> _Records provided_
^^^^^^^^^^^^^^^^
(* Let $Y_1,Y_2$ be real random variables with absolutely continuous distributions, c.d.f.'s $F_1,F_2$ and (unique) copula $C$ of $(Y_1,Y_2)$, and let $D$ be the set of all probability measures on $\mathbb R$. Put $\Delta(u)=F_1(u)+F_2(u)-2C(F_1(u),F_2(u))$, $u\in\mathbb R$. Then there exists $u^*\in\arg\max_{u\in\mathbb R}\Delta(u)$, and $$\max_{m\in D}E_m(Y_1,Y_2)=\Delta(u^* )=E_{\delta_{u^*}}(Y_1,Y_2),$$ i.e. the maximum over $D$ is attained at the Dirac measure $\delta_{u^*}$ (whose c.d.f. is $x\mapsto\mathbb 1\{u^*\le x\}$). If additionally $Y_1\stackrel{d}{=}Y_2$, then $$\max_{m\in D}E_m(Y_1,Y_2)=2\max_{x\in[0,1]}\big(x-C(x,x)\big),$$ and if $x^*\in(0,1)$ is a maximizer of $x\mapsto x-C(x,x)$ on $[0,1]$, the maximum is attained at $m=\delta_{u^*}$ with $u^*=F_1^{-1}(x^* )$.
   Context: For a finite nonnegative measure $m$ on $\mathbb R$ and real random variables $Y_1,Y_2$, the excursion metric is $$E_m(Y_1,Y_2):=\int_{\mathbb R}\big(\mathbb P(Y_1>u)+\mathbb P(Y_2>u)-2\,\mathbb P(Y_1>u,Y_2>u)\big)\,m(du).$$ *)

From HB Require Import structures.
From mathcomp Require Import all_boot all_order all_algebra.
From mathcomp Require Import all_classical all_reals all_analysis.
Set Implicit Arguments. Unset Strict Implicit. Unset Printing Implicit Defensive.
Import Order.TTheory GRing.Theory Num.Theory.
Local Open Scope classical_set_scope.
Local Open Scope ring_scope.

Definition cdfR d (T : measurableType d) (R : realType) (P : probability T R)
  (Y : {RV P >-> R}) (u : R) : R := fine (cdf Y u).

Definition is_copula (R : realType) (C : R -> R -> R) : Prop :=
  (forall u v, 0 <= u <= 1 -> 0 <= v <= 1 -> 0 <= C u v <= 1) /\
  (forall u, 0 <= u <= 1 -> C u 0 = 0 /\ C 0 u = 0 /\ C u 1 = u /\ C 1 u = u) /\
  (forall u1 u2 v1 v2, 0 <= u1 -> u1 <= u2 -> u2 <= 1 ->
      0 <= v1 -> v1 <= v2 -> v2 <= 1 ->
      0 <= C u2 v2 - C u2 v1 - C u1 v2 + C u1 v1).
^^^^^^^^^^^^^^^^
> _Exercise_
Among the entries, find each line that includes the string "forall" and copy it.

> _Output for this task_
  (forall u v, 0 <= u <= 1 -> 0 <= v <= 1 -> 0 <= C u v <= 1) /\
  (forall u, 0 <= u <= 1 -> C u 0 = 0 /\ C 0 u = 0 /\ C u 1 = u /\ C 1 u = u) /\
  (forall u1 u2 v1 v2, 0 <= u1 -> u1 <= u2 -> u2 <= 1 ->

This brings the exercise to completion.